> **Data for review**
Lemma interp_two_levels (n : nat) (v v' : R) :
  0 <= v' -> v' + 2 < v -> v <= INR n ->
  exists k, (S k < n)%nat /\ interp c n v <= c (S (S k)) /\ c (S k) <= interp c n v'.
Proof.
  intros Hv' Hgap Hvn.
  destruct (nat_floor (S n) v') as [k [Hk1 Hk2]]; [rewrite S_INR; lra|].
  assert (Hkn : (S (S k) <= n)%nat).
  { destruct (Compare_dec.le_lt_dec (S (S k)) n) as [| Hlt]; [assumption|].
    apply lt_INR in Hlt; rewrite !S_INR in Hlt; lra. }
  exists k; split; [lia|]; split.
  - apply interp_below_level; [exact Hkn | rewrite !S_INR; lra].
  - apply interp_above_level; [lia | rewrite S_INR; lra].
Qed.
End Interpolation.

Lemma reparametrized_continuous (Y : Type) (d : Y -> Y -> R) (H : Y * R -> Y)
  (phi : R -> R) (L : R) (D : Y * R -> Prop) :
  0 <= L ->
  continuous_on (rho d) d (fun p => unit_interval (snd p)) H ->
  (forall s, unit_interval (phi s)) ->
  (forall s s', Rabs (phi s - phi s') <= L * Rabs (s - s')) ->
  continuous_on (rho d) d D (fun p => H (fst p, phi (snd p))).
Proof.
  intros HL H_cont Hphi Hlip [z s] _ e He.
  destruct (H_cont (z, phi s) (Hphi s) e He) as [dl [Hdl Hclose]].
  set (k := / (L + 1)).
  assert (Hk : 0 < k) by (apply Rinv_0_lt_compat; lra).
  assert (Hk1 : k * (L + 1) = 1) by (apply Rinv_l; lra).
  exists (dl * k); split; [nra|]; intros [z' s'] _ Hr; simpl.
  apply Hclose; [apply Hphi|].
  set (r := rho d (z, s) (z', s')) in Hr.
  assert (Hd : d z z' <= r) by apply Rmax_l.
  assert (Hs : Rabs (s - s') <= r) by apply Rmax_r.
  pose proof (Rabs_pos (s - s')); pose proof (Hlip s s').
  assert (r * (L + 1) < dl) by nra.
  apply rho_lt; nra.
Qed.

Lemma delta_eps_map_of_control (Y : Type) (d : Y -> Y -> R) (D : Y * R -> Prop)
  (F : Y * R -> Y) (eps g : R) :
  is_metric d -> 0 < g ->
  (forall p, D p -> d (F p) (fst p) < eps / 4) ->
  (forall p q, D p -> D q -> eps < Rabs (snd p - snd q) -> g <= d (F p) (F q)) ->
  delta_eps_map (rho d) d D F (Rmin (eps / 2) (g / 2)) eps.
Proof.
  intros [_ [_ [d_sym d_tri]]] Hg Hnear Hsep S HS p q Dp Dq Sp Sq.
  pose proof (HS _ _ Sp Sq) as Hpq.
  pose proof (Rmin_l (eps / 2) (g / 2)); pose proof (Rmin_r (eps / 2) (g / 2)).
  unfold rho; apply Rmax_lub.
  - pose proof (Hnear p Dp); pose proof (Hnear q Dq).
    pose proof (d_tri (fst p) (F p) (fst q)); pose proof (d_tri (F p) (F q) (fst q)).
    rewrite (d_sym (fst p) (F p)) in *; lra.
  - apply Rnot_lt_le; intros Hlt; pose proof (Hsep p q Dp Dq Hlt); lra.
Qed.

> **Directions for this task**
In the listing above, please copy exactly the lines from the first through the one that contains "destruct (H_cont (z, phi", and no others.

> **Problem solution**
Lemma interp_two_levels (n : nat) (v v' : R) :
  0 <= v' -> v' + 2 < v -> v <= INR n ->
  exists k, (S k < n)%nat /\ interp c n v <= c (S (S k)) /\ c (S k) <= interp c n v'.
Proof.
  intros Hv' Hgap Hvn.
  destruct (nat_floor (S n) v') as [k [Hk1 Hk2]]; [rewrite S_INR; lra|].
  assert (Hkn : (S (S k) <= n)%nat).
  { destruct (Compare_dec.le_lt_dec (S (S k)) n) as [| Hlt]; [assumption|].
    apply lt_INR in Hlt; rewrite !S_INR in Hlt; lra. }
  exists k; split; [lia|]; split.
  - apply interp_below_level; [exact Hkn | rewrite !S_INR; lra].
  - apply interp_above_level; [lia | rewrite S_INR; lra].
Qed.
End Interpolation.

Lemma reparametrized_continuous (Y : Type) (d : Y -> Y -> R) (H : Y * R -> Y)
  (phi : R -> R) (L : R) (D : Y * R -> Prop) :
  0 <= L ->
  continuous_on (rho d) d (fun p => unit_interval (snd p)) H ->
  (forall s, unit_interval (phi s)) ->
  (forall s s', Rabs (phi s - phi s') <= L * Rabs (s - s')) ->
  continuous_on (rho d) d D (fun p => H (fst p, phi (snd p))).
Proof.
  intros HL H_cont Hphi Hlip [z s] _ e He.
  destruct (H_cont (z, phi s) (Hphi s) e He) as [dl [Hdl Hclose]].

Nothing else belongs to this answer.